There’s an instinct to jump into boats, leap exuberantly into sparkling bodies of water or get on the slopes for some spring skiing on the first beautiful days after our long, cold winters.

But dangers abound: The water is still icy cold, many new boaters and paddlers have not taken basic safety courses and avalanche dangers are still there.
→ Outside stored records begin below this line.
Lemma ev_lbr_lbr_pb (x y w : smooth_lie) F G H z : collision_free N z ->
  (forall v, collision_free N v -> sval x v = F v) ->
  (forall v, collision_free N v -> sval y v = G v) ->
  (forall v, collision_free N v -> sval w v = H v) ->
  @ev smooth_lie z (lbr x (lbr y w)) = pb N (pb N H G) F z.
Proof.
  intros Hz Hx Hy Hw; simpl; rewrite sf_br_val by auto.
  apply pb_ext_loc; auto; intros v Hv; rewrite sf_br_val by auto; apply pb_ext_loc; auto.
Qed.

End SmoothLie.

(** * The N-body Hamiltonian *)

Section NBody.
Variables (N : nat) (G : R) (m : nat -> R).

Definition valid_pair (p : nat * nat) := (fst p < N)%nat /\ (snd p < N)%nat /\ fst p <> snd p.

Lemma smooth_Ti i : smooth N (Ti m i).
Proof.
  apply smooth_ext with (fun z => rsum 3 (fun a => get_coord (pc i a) z * get_coord (pc i a) z)
                                  * / (2 * m i)).
  - apply (smooth_mul N _ (fun _ => _)); auto with smooth.
    apply (smooth_rsum N 3 (fun a z => get_coord (pc i a) z * get_coord (pc i a) z)).
    intros; apply smooth_mul; apply smooth_coord.
  - intros z _; unfold Ti, Rdiv; f_equal; apply rsum_ext; intros; simpl; ring.
Qed.

Lemma smooth_Ttot : smooth N (Ttot N m).
Proof. apply (smooth_rsum N N (Ti m)); intros; apply smooth_Ti. Qed.

Lemma smooth_Tpair p : smooth N (Tpair m p).
Proof. apply smooth_add; apply smooth_Ti. Qed.

Lemma smooth_dist2 i j : smooth N (fun z => dist2 z i j).
Proof.
  apply (smooth_rsum N 3 (fun a z => (fst z i a - fst z j a) ^ 2)); intros a _.
  apply smooth_ext with (fun z => (get_coord (xc i a) z - get_coord (xc j a) z)
                                  * (get_coord (xc i a) z - get_coord (xc j a) z)).
  - apply smooth_mul; apply smooth_minus; apply smooth_coord.
  - intros; simpl; ring.
Qed.

Lemma smooth_Vij i j : valid_pair (i, j) -> smooth N (Vij G m i j).
Proof.
  intros [Hi [Hj Hij]]; simpl in *.
  apply smooth_ext with (fun z => - G * m i * m j * Rpower (dist2 z i j) (- / 2)).
  - apply (smooth_mul N (fun _ => _)); auto with smooth.
    apply smooth_rpower; [apply smooth_dist2 | intros z Hz; apply Hz; auto].
  - intros z Hz; unfold Vij, Rdiv; f_equal.
    rewrite Rpower_Ropp, Rpower_sqrt by (apply Hz; auto); reflexivity.
Qed.

Lemma smooth_Vtot : smooth N (Vtot N G m).
Proof.
  apply (smooth_rsum N N (fun i z => rsum N (fun j => if Nat.ltb i j then Vij G m i j z else 0))).
  intros i Hi; apply (smooth_rsum N N (fun j z => if Nat.ltb i j then Vij G m i j z else 0)).
  intros j Hj; destruct (Nat.ltb_spec i j); [apply smooth_Vij; repeat split; simpl; lia |].
  apply smooth_const.
Qed.

Lemma smooth_Vs S : (forall p, In p S -> valid_pair p) -> smooth N (Vs G m S).
Proof.
  induction S as [|p S IH]; intros H.
  - exact (smooth_const N 0).
  - apply (smooth_add N (Vij G m (fst p) (snd p)) (Vs G m S)).
    + destruct p; apply smooth_Vij, H; simpl; auto.
    + apply IH; intros; apply H; simpl; auto.
Qed.

Lemma smooth_Vc S : (forall p, In p S -> valid_pair p) -> smooth N (Vc N G m S).
Proof. intros H; apply smooth_minus; [apply smooth_Vtot | apply smooth_Vs, H]. Qed.

Lemma smooth_Hn p : valid_pair p -> smooth N (Hn G m p).
Proof. intros H; apply smooth_add; [apply smooth_Tpair | destruct p; apply smooth_Vij, H]. Qed.

Definition Trest (p : nat * nat) : PSfun := fun z =>
  rsum N (fun i => if (Nat.eqb i (fst p) || Nat.eqb i (snd p))%bool then 0 else Ti m i z).

Lemma smooth_Trest p : smooth N (Trest p).
Proof.
  apply (smooth_rsum N N
    (fun i z => if (Nat.eqb i (fst p) || Nat.eqb i (snd p))%bool then 0 else Ti m i z)).
  intros i _; destruct (Nat.eqb i (fst p) || Nat.eqb i (snd p))%bool;
    [apply smooth_const | apply smooth_Ti].
Qed.

Lemma Ttot_split p z : valid_pair p -> Ttot N m z = Tpair m p z + Trest p z.
Proof.
  intros [H1 [H2 H3]]; unfold Ttot, Tpair, fadd, Trest.
  rewrite (rsum_split N (fst p)), (rsum_split N (snd p)) by auto.
  rewrite (rsum_ext N
    (fun i => if Nat.eqb i (snd p) then 0 else if Nat.eqb i (fst p) then 0 else Ti m i z)
    (fun i => if (Nat.eqb i (fst p) || Nat.eqb i (snd p))%bool then 0 else Ti m i z))
    by (intros i _; destruct (Nat.eqb i (fst p)), (Nat.eqb i (snd p)); reflexivity).
  destruct (Nat.eqb_spec (snd p) (fst p)); [lia | ring].
Qed.

Lemma Trest_indep_p p l X P a t : l = fst p \/ l = snd p ->
  Trest p (X, upd P l a t) = Trest p (X, P).
Proof.
  intros Hl; unfold Trest; apply rsum_ext; intros i _.
  destruct (Nat.eqb_spec i (fst p)), (Nat.eqb_spec i (snd p)); simpl; auto.
  unfold Ti; simpl; f_equal; apply rsum_ext; intros b _; unfold upd.
  destruct (Nat.eqb_spec i l); [lia | reflexivity].
Qed.

Lemma Vij_indep_x i j l X P a t : l <> i -> l <> j ->
  Vij G m i j (upd X l a t, P) = Vij G m i j (X, P).
Proof.
  intros Hi Hj; unfold Vij, Defs.dist; simpl; do 2 f_equal; apply rsum_ext; intros b _.
  unfold upd; destruct (Nat.eqb_spec i l), (Nat.eqb_spec j l); try lia; reflexivity.
Qed.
“With COVID-19 vaccination shots being deployed and a year in some form of quarantine, many more people are going to want to get out on the water later this year as the weather warms up,” said Ted Buehner, a weather forecaster who is working with Washington State Parks to highlight the department’s virtual Washington State Boater Education program.

Things to know:

  • There were 24 recreational boating fatalities in Washington State last year
  • Of those 24, only one operator had formal boater safety education
  • Paddlers accounted for 13 of the 24 fatalities
  • Boaters can be certified and obtain a Boater Education Card by attending a virtual instructor-led classroom course, an online course, or home study and equivalency exam
  • This course involves providing enhanced knowledge of boating safety, emergency procedures and navigational rules
  • As of the end of January, 2021, more than 400,000 people in Washington had a Boater Education Card
  • Minimum fine for not carrying a valid Boater Education Card while operating a boat in Washington State is $99

One more thing on boating safety: Wear a personal flotation device.

Water, especially cold water, activates the mammalian dive response. This slows the heart and constricts blood vessels, according to University of Washington Pharmacology Professor Emeritus Frank F. Vincenzi.

It is a normal oxygen-saving reflex but when combined with certain other conditions, such as the consumption of alcohol, the slowing of the heart may bring on fatal heart arrhythmia. Sudden cardiac death in the water is usually classified as a fatal drowning.

It “might be good to remind folks to limit the intake of alcohol and other drugs when boating or swimming is on the agenda,” Vincenzi said in an email.

The Northwest Avalanche Center reported two skiers caught in an avalanche at Alpental Valley on April 10. Both survived, but the danger is real. So be careful out there!